Stories of Beginnings and Endings

There were stories we told each other. We spoke of beginnings, of middles and muddles and of the endings that came before we knew each other. They were tentative at first, half-told tales that petered out into hesitant looks and small nervous smiles. It takes time to know someone, at least to a point where that knowledge takes on significance.

We both knew that it was turning into something longer and deeper than any casual friendship. There was something there between us that grew stronger as our knowledge of each other grew deeper.

Carol was ten years older than me. At that age, it was a significant amount of time, a third of her life and half of mine. She had been working at Hulbert Holdings ever since she left school. She had married at twenty–three to Steve, an electrician.

‘I don’t know him at all,’ she said. It was the Friday before Christmas. We were in a pub with the rest of the office. She was wearing a Santa hat that had slipped down over her curly red hair. I’d had a thing about shoulder length red curly hair ever since Claire – my first kiss on a junior school day trip to some stately home or other.

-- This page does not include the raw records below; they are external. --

Lemma measurable_dhat_eq (b : R) (c : config m) :
  measurable [set w | dhat b (v ^~ w) = c].
Proof.
rewrite (_ : [set w | _] = \bigcap_(i in [set: 'I_m]) ((fun w => b < v i w) @^-1` [set c i])).
  apply: fin_bigcap_measurable => // i _; rewrite -[X in measurable X]setTI.
  by apply: measurable_fun_ltr => //; exact: measurable_cst.
apply/seteqP; split => w /=; first by move=> <- i _; rewrite ffunE.
by move=> wc; apply/ffunP => i; rewrite ffunE; exact: wc.
Qed.

Lemma measurable_delta_beta (b : R) (c : config m) :
  measurable_fun setT (fun w => delta_beta b (v ^~ w) c).
Proof.
rewrite (_ : (fun w => _) = \1_[set w | dhat b (v ^~ w) = c]).
  exact/measurable_indic/measurable_dhat_eq.
apply/funext => w; rewrite indicE /delta_beta eq_sym.
case: eqP => cw; first by rewrite mem_set.
by rewrite memNset.
Qed.

Lemma measurable_FDRX (b : R) :
  measurable_fun setT (fun w => FDRX (v ^~ w) (delta_beta b (v ^~ w))).
Proof.
apply: measurable_sum => c; apply: measurable_funM; last exact: measurable_delta_beta.
apply: measurable_funM; last exact: measurable_cst.
apply: measurable_sum => i; apply: measurable_funM; first exact: measurable_cst.
by apply: measurable_funB; [exact: measurable_cst | exact: mv].
Qed.

End Measurability.

Section PosteriorFDR.
Context {R : realType} {d : measure_display} {Omega : measurableType d}.
Variables (P : probability Omega R) (m : nat) (v : nat -> 'I_m -> Omega -> R).
Hypothesis mv : forall n i, measurable_fun setT (v n i).
Hypothesis v01 : forall n i w, 0 <= v n i w <= 1.

Lemma pBFDR_cvg (b L : R) :
  {ae P, forall w, \forall n \near \oo, dhat b (v n ^~ w) != config0 m} ->
  {ae P, forall w, (fun n => fdp (dhat b (v n ^~ w)) (v n ^~ w)) @ \oo --> L} ->
  (fun n => pBFDR P v n b) @ \oo --> L.
Proof.
move=> rej fdpL.
pose A n := [set w | delta_beta b (v n ^~ w) (config0 m) = 0].
pose F n w := FDRX (v n ^~ w) (delta_beta b (v n ^~ w)).
have mA n : measurable (A n).
  have := measurable_delta_beta (mv n) b (config0 m) measurableT _ (measurable_set1 0).
  by rewrite setTI.
have A1 : {ae P, forall w, \forall n \near \oo, (\1_(A n) w : R) = 1}.
  apply: filterS rej => w; apply: filterS => n dhat0.
  by rewrite indicE mem_set //; apply/delta_beta_eq0; rewrite eq_sym.
have num : (fun n => fine (\int[P]_w (F n w * \1_(A n) w)%:E)) @ \oo --> L.
  apply: bounded_convergence01.
  - by move=> n; apply: measurable_funM; [exact: measurable_FDRX | exact: measurable_indic].
  - move=> n w; rewrite indicE; case: (_ \in _); rewrite ?mulr0 ?lexx ?ler01 // mulr1.
    by rewrite /F FDRX_delta_beta; apply: fdp_ge0_le1.
  apply: filterS2 A1 fdpL => w wA wL; apply: cvg_trans wL; apply: near_eq_cvg.
  by apply: filterS wA => n ->; rewrite mulr1 /F FDRX_delta_beta.
have den : (fun n => fine (\int[P]_w (\1_(A n) w : R)%:E)) @ \oo --> (1 : R).
  apply: bounded_convergence01.
  - by move=> n; exact: measurable_indic.
  - by move=> n w; rewrite indicE; case: (_ \in _); rewrite ?lexx ?ler01.
  by apply: filterS A1 => w; exact: cvg_near_cst.
have : (fun n => fine (\int[P]_w (F n w * \1_(A n) w)%:E) /
    fine (\int[P]_w (\1_(A n) w : R)%:E)) @ \oo --> L * 1^-1.
  by apply: cvgM num _; apply: cvgV den; exact: oner_neq0.
rewrite invr1 mulr1; apply: cvg_trans; apply: near_eq_cvg; apply: nearW => n /=.
apply/esym; rewrite /pBFDR integral_mkcond integral_indic ?setIT //.
congr (fine _ / _); apply: eq_integral => w _; rewrite patchE indicE.
by case: (_ \in _); rewrite ?mulr1 ?mulr0.
Qed.

End PosteriorFDR.

(* The posterior mass of the false one of H_0i, H_1i when d = d^t_i and x = v_in. *)
Definition post_wrong {R : ringType} (d : bool) (x : R) : R := if d then 1 - x else x.

Section PosteriorPath.
Context {R : realType} {m : nat}.
Variables (u : nat -> 'I_m -> R) (dt : 'I_m -> bool).
Hypothesis wrong_small : forall i e, 0 < e ->
  \forall n \near \oo, 0 < post_wrong (dt i) (u n i) < e.

Lemma post_cvg_truth i : u ^~ i @ \oo --> ((dt i)%:R : R).
Proof.
apply/cvgrPdist_lt => e e0; near=> n.
have : 0 < post_wrong (dt i) (u n i) < e by near: n; exact: wrong_small.
by rewrite /post_wrong; case: (dt i) => /andP[w0 we]; rewrite ?sub0r ?normrN gtr0_norm.
Unshelve. all: by end_near. Qed.

Lemma alt_post_gt_near b : b < 1 -> \forall n \near \oo, forall i, dt i -> b < u n i.
Proof.
move=> b1; apply: filter_forall => i; near=> n => dti.
have : 0 < post_wrong (dt i) (u n i) < 1 - b by near: n; apply: wrong_small; lra.
by rewrite /post_wrong dti => /andP[_]; lra.
Unshelve. all: by end_near. Qed.

Lemma null_post_near b : 0 < b -> \forall n \near \oo, forall i, ~~ dt i -> 0 < u n i < b.
Proof.
move=> b0; apply: filter_forall => i; near=> n => /negbTE ndti.
have : 0 < post_wrong (dt i) (u n i) < b by near: n; exact: wrong_small.
by rewrite /post_wrong ndti.
Unshelve. all: by end_near. Qed.

Lemma dhat0_near : \forall n \near \oo, dhat 0 (u n) = [ffun => true].
Proof.
near=> n.
have alt : forall i, dt i -> 0 < u n i by near: n; exact: alt_post_gt_near.
have null : forall i, ~~ dt i -> 0 < u n i < 1 by near: n; exact: null_post_near.
by apply/ffunP => i; rewrite !ffunE; case: (boolP (dt i)) => [/alt|/null/andP[]].
Unshelve. all: by end_near. Qed.

Lemma dhat_truth_near b : 0 < b < 1 -> \forall n \near \oo, dhat b (u n) = [ffun i => dt i].
Proof.
case/andP=> b0 b1; near=> n.
have alt : forall i, dt i -> b < u n i by near: n; exact: alt_post_gt_near.
have null : forall i, ~~ dt i -> 0 < u n i < b by near: n; exact: null_post_near.
apply/ffunP => i; rewrite !ffunE.
by case: (boolP (dt i)) => [/alt -> //|/null/andP[_ /ltW]]; rewrite leNgt => /negbTE.
Unshelve. all: by end_near. Qed.

Lemma dhat_neq0_near b : b < 1 -> (exists i, dt i) ->
  \forall n \near \oo, dhat b (u n) != config0 m.
Proof.
move=> b1 [i dti]; near=> n.
have alt : forall i, dt i -> b < u n i by near: n; exact: alt_post_gt_near.
by apply/eqP => /ffunP/(_ i); rewrite !ffunE alt.
Unshelve. all: by end_near. Qed.

Lemma fdp_dhat0_cvg : (0 < m)%N ->
  (fun n => fdp (dhat 0 (u n)) (u n)) @ \oo --> ((\sum_(i < m) (1 - (dt i)%:R)) / m%:R : R).
Proof.
move=> m_gt0; have := fdp_cvg [ffun => true] post_cvg_truth; rewrite fdp_all //.
apply: cvg_trans; apply: near_eq_cvg; near=> n; apply/esym; congr fdp.
by near: n; exact: dhat0_near.
Unshelve. all: by end_near. Qed.

Lemma fdp_dhat_cvg0 b : 0 < b < 1 -> (fun n => fdp (dhat b (u n)) (u n)) @ \oo --> 0.
Proof.
move=> b01; have := fdp_cvg [ffun i => dt i] post_cvg_truth.
rewrite fdp_eq0 => [|i]; last by rewrite ffunE => ->.
apply: cvg_trans; apply: near_eq_cvg; near=> n; apply/esym; congr fdp.
by near: n; exact: dhat_truth_near.
Unshelve. all: by end_near. Qed.

End PosteriorPath.

Lemma in_set_pred {T : Type} (p : pred T) x : (x \in [set x | p x]) = p x.
Proof. by apply/idP/idP => [/set_mem|/mem_set]. Qed.

Lemma sum_subr1_card {R : ringType} m (p : 'I_m -> bool) :
  \sum_(i < m) (1 - (p i)%:R) = #|[set i | ~~ p i]|%:R :> R.
Proof.
rewrite -sum1_card natr_sum [RHS]big_mkcond /=; apply: eq_bigr => i _.
by rewrite in_set_pred; case: (p i); rewrite ?subrr ?subr0.
Qed.

Theorem theorem9 (R : realType) (dT : measure_display) (Omega : measurableType dT)
  (P : probability Omega R) (m : nat)
  (v : nat -> 'I_m -> Omega -> R)        (* v n i w = pi(Upsilon_{1i} | X_n(w)) *)
  (dt : 'I_m -> bool)                      (* true configuration d^t *)
  (J : bool -> 'I_m -> R)                  (* J k i = J(Upsilon_{ki}) = J(H_{ki}) *)
  (Hmeas : forall n i, measurable_fun setT (v n i))
  (Hv01 : forall n i w, 0 <= v n i w <= 1)
  (* standing assumption (Shalizi): a.s. n^{-1} log pi(Upsilon_{ki}|X_n) -> -J(Upsilon_{ki}),
     with pi(Upsilon_{1i}|X_n) = v_{in} and pi(Upsilon_{0i}|X_n) = 1 - v_{in} *)
  (HJ1 : forall i, {ae P, forall w,
      (fun n : nat => n%:R^-1 * ln (v n i w)) @ \oo --> - J true i})
  (HJ0 : forall i, {ae P, forall w,
      (fun n : nat => n%:R^-1 * ln (1 - v n i w)) @ \oo --> - J false i})
  (HJtrue : forall i, J (dt i) i = 0)
  (HJnull : forall i, dt i = false -> 0 < J true i)
  (HJalt : forall i, dt i = true -> 0 < J false i)
  (* known fact (Chandra and Bhattacharya 2017) *)
  (Hcont : forall n, {within `[(0:R), 1], continuous (pBFDR P v n)})
  (Hmono : forall n, {in `[(0:R), (1:R)] &, forall a b : R, a <= b -> pBFDR P v n b <= pBFDR P v n a})
  (m0 : nat) (Hm0 : m0 = #|[set i | ~~ dt i]|)
  (Hm0pos : (1 <= m0)%N) (Hm0m : (m0 < m)%N) :
  forall alpha : R, 0 < alpha -> alpha < m0%:R / m%:R ->
  exists beta : nat -> R,
    (forall n, 0 <= beta n <= 1) /\
    beta @ \oo --> 0 /\
    (fun n => pBFDR P v n (beta n)) @ \oo --> alpha.
Proof.
move=> alpha alpha0 alpha_lt.
have m_gt0 : (0 < m)%N by apply: leq_ltn_trans Hm0m.
have alt_exists : exists i, dt i.
  apply/existsP; apply: contraLR Hm0m; rewrite negb_exists => /forallP nalt.
  rewrite Hm0 -leqNgt (@eq_card _ _ 'I_m) ?card_ord // => i.
  by rewrite in_set_pred nalt.
have wrong_small : {ae P, forall w, forall i e, 0 < e ->
    \forall n \near \oo, 0 < post_wrong (dt i) (v n i w) < e}.
  apply: filter_forall => i; apply: filterS2 (HJ1 i) (HJ0 i) => w rate1 rate0.
  rewrite /post_wrong; case: (boolP (dt i)) => [/HJalt|/negbTE/HJnull] J0.
  - exact: ln_rate_small_near J0 rate0.
  - exact: ln_rate_small_near J0 rate1.
have lim0 : (fun n => pBFDR P v n 0) @ \oo --> (m0%:R / m%:R : R).
  rewrite Hm0 -sum_subr1_card; apply: pBFDR_cvg => //.
  - by apply: filterS wrong_small => w ws; exact: dhat_neq0_near ltr01 alt_exists.
  - by apply: filterS wrong_small => w ws; exact: fdp_dhat0_cvg.
have limb b : 0 < b < 1 -> (fun n => pBFDR P v n b) @ \oo --> 0.
  move=> b01; apply: pBFDR_cvg => //.
  - by apply: filterS wrong_small => w ws; apply: dhat_neq0_near alt_exists; case/andP: b01.
  - by apply: filterS wrong_small => w ws; exact: fdp_dhat_cvg0 ws _ b01.
apply: diagonal_ivt Hcont (cvgr_gt _ lim0 _ alpha_lt) _ => b b01.
exact: cvgr_lt _ (limb b b01) _ alpha0.
Qed.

It was that red hair that I’d noticed first as I was shown around the office during my job interview. It was the way Carol had smiled and said ‘hello’ when I walked past her desk that decided me on the job. Not that I had much choice about it, at the time. Jobs were hard to find back then. My parents had called me a fool for dropping out of university, but the more I stayed there the stranger, more alien it seemed and the more unreal my course felt. It was though I was being taught about a world that existed somehow parallel to the one I’d always known. The longer I stayed there I wondered if I would ever be able to connect the two worlds.

Carol, as Mr Phelps said on my first morning, took me under her wing. There was a bit of good-natured banter about just what that actually entailed from a couple of others in the office, especially Barry the self-styled office joker. But there have been funnier fungal infections than Barry’s lame jokes.

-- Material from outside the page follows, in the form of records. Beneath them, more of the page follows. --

(* Let $G$ be a generator matrix on the discrete space $\mathcal X$, let $\theta>0$ and let $M\ge1$ be an integer such that $Q:=I+G/\theta$ and $I+G/M$ are entrywise non-negative. Let $K_n=I+\frac Gn\mathbb 1(n>M)$ for $n\ge1$. Let $\pi$ be a probability vector and $\mu$ a stationary distribution of $Q$ such that $\pi^tQ^n\to\mu^t$ entrywise. Then, with $(\mu^n)^t:=\pi^t\prod_{i=1}^nK_i$, as $n\to\infty$ both (a) $(\mu^n)^t\to\mu^t$ and (b) $(\mu^n)^tQ\to\mu^t$ hold entrywise.
   Context: A generator matrix on $\mathcal X$: $G_{i,j}\ge0$ for $i\ne j$, $G_{i,i}=-\sum_{j\ne i}G_{i,j}$, and $\sup_i|G_{i,i}|<\infty$. *)

From Stdlib Require Import Reals ClassicalEpsilon.
Open Scope R_scope.

(* The discrete (countable, finite or infinite) state space X is described
   by an enumeration e : nat -> option X hitting every state exactly once. *)
Definition is_enum {X : Type} (e : nat -> option X) : Prop :=
  (forall x, exists n, e n = Some x) /\
  (forall n m x, e n = Some x -> e m = Some x -> n = m).

Definition lift {X : Type} (e : nat -> option X) (f : X -> R) (n : nat) : R :=
  match e n with Some x => f x | None => 0 end.

(* Sum over X of f (the limit of the series along the enumeration; used only
   for series of nonnegative terms in the statement). *)
Definition xsum {X : Type} (e : nat -> option X) (f : X -> R) : R :=
  epsilon (inhabits 0) (fun l => infinite_sum (lift e f) l).

Definition idm {X : Type} (eq_dec : forall x y : X, {x = y} + {x <> y})
  (x y : X) : R := if eq_dec x y then 1 else 0.

Definition vecmat {X : Type} (e : nat -> option X) (v : X -> R)
  (A : X -> X -> R) : X -> R :=
  fun y => xsum e (fun x => v x * A x y).

Fixpoint vpow {X : Type} (e : nat -> option X) (v : X -> R)
  (A : X -> X -> R) (n : nat) : X -> R :=
  match n with
  | O => v
  | S k => vecmat e (vpow e v A k) A
  end.

Fixpoint vprod {X : Type} (e : nat -> option X) (v : X -> R)
  (K : nat -> X -> X -> R) (n : nat) : X -> R :=
  match n with
  | O => v
  | S k => vecmat e (vprod e v K k) (K (S k))
  end.

Definition is_generator {X : Type} (e : nat -> option X)
  (eq_dec : forall x y : X, {x = y} + {x <> y}) (G : X -> X -> R) : Prop :=
  (forall x y, x <> y -> 0 <= G x y) /\
  (forall x, infinite_sum (lift e (fun y => if eq_dec x y then 0 else G x y))
                          (- G x x)) /\
  (exists B, forall x, Rabs (G x x) <= B).

Definition is_prob_vector {X : Type} (e : nat -> option X) (p : X -> R) : Prop :=
  (forall x, 0 <= p x) /\ infinite_sum (lift e p) 1.

Definition is_stationary {X : Type} (e : nat -> option X) (A : X -> X -> R)
  (m : X -> R) : Prop :=
  is_prob_vector e m /\ (forall y, vecmat e m A y = m y).

Definition Kmat {X : Type} (eq_dec : forall x y : X, {x = y} + {x <> y})
  (G : X -> X -> R) (M : nat) (n : nat) : X -> X -> R :=
  fun x y => idm eq_dec x y + (if Nat.ltb M n then G x y / INR n else 0).

From Stdlib Require Import Reals Lra Lia Psatz ClassicalEpsilon FunctionalExtensionality.
Open Scope R_scope.

(** Put  Q = I + G/theta  and  a_n = theta/n  for n > M,  a_n = 0  otherwise.
  Then every factor is  K_n = (1 - a_n) I + a_n Q,  so by induction
      pi^t K_1 ... K_n = sum_(k <= n) w_n(k) pi^t Q^k,
  where  w_n(k) = (1 - a_n) w_(n-1)(k) + a_n w_(n-1)(k-1)  ([vprod_mixture]).
  The rows of this triangular array of weights sum to one, have bounded l^1
  norms (a_n lies in [0, 1] for large n), and every column tends to zero,
  because the recursion above contracts with steps a_n whose sum diverges
  (harmonic series).  A Toeplitz summation lemma therefore transfers the
  hypothesis  pi^t Q^k -> mu^t  to the mixtures, which is (a); applied to
  pi^t Q^(k+1) it gives (b).
*)

Fixpoint fsum (f : nat -> R) (n : nat) : R :=
  match n with O => 0 | S k => fsum f k + f k end.

Lemma fsum_S f n : fsum f (S n) = fsum f n + f n.
Proof. reflexivity. Qed.

Lemma fsum_ext f g n : (forall k, (k < n)%nat -> f k = g k) -> fsum f n = fsum g n.
Proof.
  induction n as [|n IH]; intros Hfg; simpl; [reflexivity|].
  rewrite IH, Hfg; [reflexivity | lia | intros k Hk; apply Hfg; lia].
Qed.

Lemma fsum_lin a b f g n :
  fsum (fun k => a * f k + b * g k) n = a * fsum f n + b * fsum g n.
Proof. induction n as [|n IH]; simpl; [ring | rewrite IH; ring]. Qed.

Lemma fsum_shift f n : fsum f (S n) = f O + fsum (fun k => f (S k)) n.
Proof.
  induction n as [|n IH]; [simpl; ring|].
  rewrite fsum_S, IH; simpl; ring.
Qed.

Lemma fsum_zero f n : (forall k, f k = 0) -> fsum f n = 0.
Proof. intros Hf; induction n as [|n IH]; simpl; [|rewrite IH, Hf]; ring. Qed.

Lemma fsum_le f g n : (forall k, f k <= g k) -> fsum f n <= fsum g n.
Proof. intros Hfg; induction n as [|n IH]; simpl; [lra | specialize (Hfg n); lra]. Qed.

Lemma fsum_nonneg f n : (forall k, 0 <= f k) -> 0 <= fsum f n.
Proof. intros Hf; rewrite <- (fsum_zero (fun _ => 0) n) by reflexivity; apply fsum_le, Hf. Qed.

Lemma fsum_mono f n m : (forall k, 0 <= f k) -> (n <= m)%nat -> fsum f n <= fsum f m.
Proof. intros Hf Hnm; induction Hnm as [|m _ IH]; simpl; [lra | specialize (Hf m); lra]. Qed.

Lemma fsum_le_term f k n : (forall j, 0 <= f j) -> (k < n)%nat -> f k <= fsum f n.
Proof.
  intros Hf Hk; eapply Rle_trans; [|apply (fsum_mono f (S k) n Hf Hk)].
  simpl; pose proof (fsum_nonneg f k Hf); lra.
Qed.

Lemma fsum_abs f n : Rabs (fsum f n) <= fsum (fun k => Rabs (f k)) n.
Proof.
  induction n as [|n IH]; simpl; [rewrite Rabs_R0; lra|].
  eapply Rle_trans; [apply Rabs_triang | lra].
Qed.

Lemma fsum_trunc_le f K n : (forall k, 0 <= f k) ->
  fsum (fun k => if Nat.ltb k K then f k else 0) n <= fsum f K.
Proof.
  intros Hf; induction n as [|n IH]; simpl; [apply fsum_nonneg, Hf|].
  destruct (Nat.ltb_spec n K) as [HnK|HnK]; [|lra].
  rewrite (fsum_ext _ f n) by (intros k Hk; destruct (Nat.ltb_spec k K); [reflexivity | lia]).
  apply (fsum_mono f (S n) K Hf HnK).
Qed.

Lemma fsum_cv0 (W : nat -> nat -> R) K :
  (forall k, Un_cv (fun n => W n k) 0) -> Un_cv (fun n => fsum (W n) K) 0.
Proof.
  intros HW; induction K as [|K IH]; simpl.
  - intros eps Heps; exists O; intros n _; unfold Rdist; rewrite Rminus_0_r, Rabs_R0; lra.
  - rewrite <- (Rplus_0_r 0); apply CV_plus; auto.
Qed.

Lemma toeplitz_null (W : nat -> nat -> R) (C : R) (t : nat -> R) :
  (forall n, fsum (fun k => Rabs (W n k)) (S n) <= C) ->
  (forall k, Un_cv (fun n => W n k) 0) ->
  Un_cv t 0 -> Un_cv (fun n => fsum (fun k => W n k * t k) (S n)) 0.
Proof.
  intros Hrow Hcol Ht eps Heps.
  destruct (maj_by_pos t (exist _ 0 Ht)) as [D [HD Ht_bound]].
  assert (HC : 0 <= C).
  { eapply Rle_trans; [apply fsum_nonneg; intros; apply Rabs_pos | apply (Hrow O)]. }
  (* far columns are controlled by the smallness of [t], near ones by [W] *)
  set (e1 := eps / (2 * (C + 1))); set (e2 := eps / (2 * D)).
  assert (He1 : 0 < e1) by (unfold e1; apply Rdiv_lt_0_compat; lra).
  destruct (Ht e1 He1) as [K HK].
  assert (Hnear : Un_cv (fun n => fsum (fun k => Rabs (W n k)) K) 0).
  { apply fsum_cv0; intros k e He; destruct (Hcol k e He) as [N HN].
    exists N; intros n Hn; specialize (HN n Hn); unfold Rdist in *.
    rewrite Rminus_0_r, Rabs_Rabsolu in *; exact HN. }
  destruct (Hnear e2 ltac:(unfold e2; apply Rdiv_lt_0_compat; lra)) as [N HN].
  exists N; intros n Hn; specialize (HN n Hn); unfold Rdist in *; rewrite Rminus_0_r in *.
  rewrite Rabs_right in HN by (apply Rle_ge, fsum_nonneg; intros; apply Rabs_pos).
  assert (Hterm : forall k, Rabs (W n k * t k) <=
            e1 * Rabs (W n k) + D * (if Nat.ltb k K then Rabs (W n k) else 0)).
  { intros k; rewrite Rabs_mult; pose proof (Rabs_pos (W n k)) as HW.
    destruct (Nat.ltb_spec k K) as [Hk|Hk].
    - specialize (Ht_bound k); nra.
    - specialize (HK k Hk); unfold Rdist in HK; rewrite Rminus_0_r in HK; nra. }
  eapply Rle_lt_trans; [apply fsum_abs|].
  eapply Rle_lt_trans; [apply (fsum_le _ _ _ Hterm)|]; rewrite fsum_lin.
  pose proof (fsum_trunc_le (fun k => Rabs (W n k)) K (S n) (fun k => Rabs_pos _)).
  assert (e1 * C <= eps / 2).
  { unfold e1; apply (Rmult_le_reg_r (2 * (C + 1))); [lra|]; field_simplify; nra. }
  assert (D * e2 = eps / 2) by (unfold e2; field; lra).
  assert (e1 * fsum (fun k => Rabs (W n k)) (S n) <= e1 * C)
    by (apply Rmult_le_compat_l; [lra | auto]).
  nra.
Qed.

Lemma toeplitz (W : nat -> nat -> R) (C : R) (s : nat -> R) (L : R) :
  (forall n, fsum (W n) (S n) = 1) ->
  (forall n, fsum (fun k => Rabs (W n k)) (S n) <= C) ->
  (forall k, Un_cv (fun n => W n k) 0) ->
  Un_cv s L -> Un_cv (fun n => fsum (fun k => W n k * s k) (S n)) L.
Proof.
  intros Hsum Hrow Hcol Hs eps Heps.
  assert (Hs0 : Un_cv (fun k => s k - L) 0).
  { intros e He; destruct (Hs e He) as [N HN]; exists N; intros n Hn.
    unfold Rdist; rewrite Rminus_0_r; apply HN, Hn. }
  destruct (toeplitz_null W C _ Hrow Hcol Hs0 eps Heps) as [N HN].
  exists N; intros n Hn; specialize (HN n Hn); unfold Rdist in *.
  replace (fsum (fun k => W n k * s k) (S n) - L)
    with (fsum (fun k => W n k * (s k - L)) (S n) - 0); [exact HN|].
  rewrite (fsum_ext _ (fun k => 1 * (W n k * s k) + (- L) * W n k))
    by (intros; ring).
  rewrite fsum_lin, Hsum; ring.
Qed.

Section Contraction.
Variables (b : nat -> R) (N0 : nat).
Hypothesis b_unit : forall n, (N0 <= n)%nat -> 0 <= b n <= 1.
Hypothesis b_divergent :
  forall N, (N0 <= N)%nat -> forall B, exists m, B <= fsum (fun j => b (N + j)%nat) m.

Lemma contraction_bound (y : nat -> R) N :
  (N0 <= N)%nat -> (forall n, 0 <= y n) ->
  (forall n, (N <= n)%nat -> y (S n) <= (1 - b n) * y n) ->
  forall m, y (N + m)%nat * (1 + fsum (fun j => b (N + j)%nat) m) <= y N.
Proof.
  intros HN Hy Hstep m; induction m as [|m IH]; [rewrite Nat.add_0_r; simpl; lra|].
  replace (N + S m)%nat with (S (N + m)) by lia; rewrite fsum_S.
  set (S0 := fsum (fun j => b (N + j)%nat) m) in *.
  assert (HS0 : 0 <= S0) by (apply fsum_nonneg; intros; apply b_unit; lia).
  specialize (Hstep (N + m)%nat ltac:(lia)); specialize (b_unit (N + m)%nat ltac:(lia)).
  pose proof (Hy (N + m)%nat); pose proof (Hy (S (N + m))).
  set (bb := b (N + m)%nat) in *.
  assert (y (S (N + m)) * (1 + (S0 + bb)) <= y (N + m)%nat * ((1 - bb) * (1 + (S0 + bb))))
    by (rewrite <- Rmult_assoc, (Rmult_comm _ (1 - bb)); apply Rmult_le_compat_r; lra).
  assert (Hfactor : (1 - bb) * (1 + (S0 + bb)) <= 1 + S0) by nra.
  assert (y (N + m)%nat * ((1 - bb) * (1 + (S0 + bb))) <= y (N + m)%nat * (1 + S0))
    by (apply Rmult_le_compat_l; lra).
  lra.
Qed.

Lemma contraction_vanishes (y : nat -> R) N :
  (N0 <= N)%nat -> (forall n, 0 <= y n) ->
  (forall n, (N <= n)%nat -> y (S n) <= (1 - b n) * y n) ->
  forall eps, 0 < eps -> exists n0, forall n, (n0 <= n)%nat -> y n < eps.
Proof.
  intros HN Hy Hstep eps Heps.
  destruct (b_divergent N HN (y N / eps)) as [m0 Hm0].
  exists (N + m0)%nat; intros n Hn.
  pose proof (contraction_bound y N HN Hy Hstep (n - N)) as Hbound.
  replace (N + (n - N))%nat with n in Hbound by lia.
  assert (Hmono : fsum (fun j => b (N + j)%nat) m0 <= fsum (fun j => b (N + j)%nat) (n - N))
    by (apply fsum_mono; [intros; apply b_unit; lia | lia]).
  set (Sn := fsum (fun j => b (N + j)%nat) (n - N)) in *.
  assert (Hyeps : y N <= eps * Sn).
  { assert (y N = eps * (y N / eps)) by (field; lra); nra. }
  pose proof (Hy n); pose proof (Hy N); nra.
Qed.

We did get on though, Carol and I. I liked to see her laugh and she thought my jokes and comments were infinitely funnier than Barry’s failed witticisms.

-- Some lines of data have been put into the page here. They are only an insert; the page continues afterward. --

Definition ordpt_lt {B : Type} (ltB : B -> B -> Prop) (j : nat)
  (x y : ordpt B j) : Prop :=
  match x, y with
  | Some (i, a), Some (i', a') =>
      proj1_sig i < proj1_sig i' \/ (proj1_sig i = proj1_sig i' /\ ltB a a')
  | Some _, None => True
  | None, _ => False
  end.

From Stdlib Require Import Arith Lia List Classical ClassicalEpsilon.

(* Let A consist of the non-limit points of blocks 0 and 1, the limit points of
   blocks 2 and 3, and the top point iff j >= 3, and let f be continuous with f(A)
   disjoint from the image of the complement.  Both A and its complement are
   cofinal in every block, so f is not eventually constant along a block; since
   cf(beta) > omega, its limit along block i must then be the end of a target
   block m(i), approached from inside that block (tends_to_classify).  As k < j,
   two blocks i < i' have m(i) = m(i') (pigeonhole_blocks).  If A separates the
   ends of blocks i and i', this contradicts f(end i) = f(end i').  Otherwise A
   separates their limit points; but iterating a common closing function omega
   times yields a limit a with f(i,a) = (m,a) = f(i',a) (common_fixed_point). *)

Lemma sig_nat_eq (n : nat) (a b : {i : nat | i < n}) :
  proj1_sig a = proj1_sig b -> a = b.
Proof.
  destruct a as [a pa], b as [b pb]; simpl; intros <-.
  f_equal; apply le_unique.
Qed.

Lemma upper_ray_open {X : Type} (lt : X -> X -> Prop) :
  (forall x y z, lt x y -> lt y z -> lt x z) -> forall a, ord_open X lt (lt a).
Proof.
  intros tr a z hz. split.
  - right. exists a. split; auto.
  - destruct (classic (exists b, lt z b)) as [[b hb]|hn].
    + right. exists b. split; auto. intros w [hw| <-] _; eauto.
    + left. intros y hy. apply hn; eauto.
Qed.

‘I like a laugh,’ she said once, her warm hand resting on my thigh for just a second or two too long. ‘But it has been a long time since anyone made me laugh as much as you.’ There was a look in her eyes then that I – still rather young and naïve – couldn’t quite decode. But I thought I knew what it meant, even though she was older than me… and married.

It all changed though one day, after I’d been at Hulbert’s for five years. She phoned in sick, leaving me alone at my desk next to hers. My phone rang later that morning. Carol pleaded with me to meet at a café a few streets away from the office at lunchtime. One we used because no-one else in the office knew it.

She was waiting there for me, wearing sunglasses. I sat and asked her how she was feeling.

‘I’ve left him,’ she said, taking off the dark glasses and showing me what his fist had done to her eye. It was then, at that moment, that an ending became one more beginning.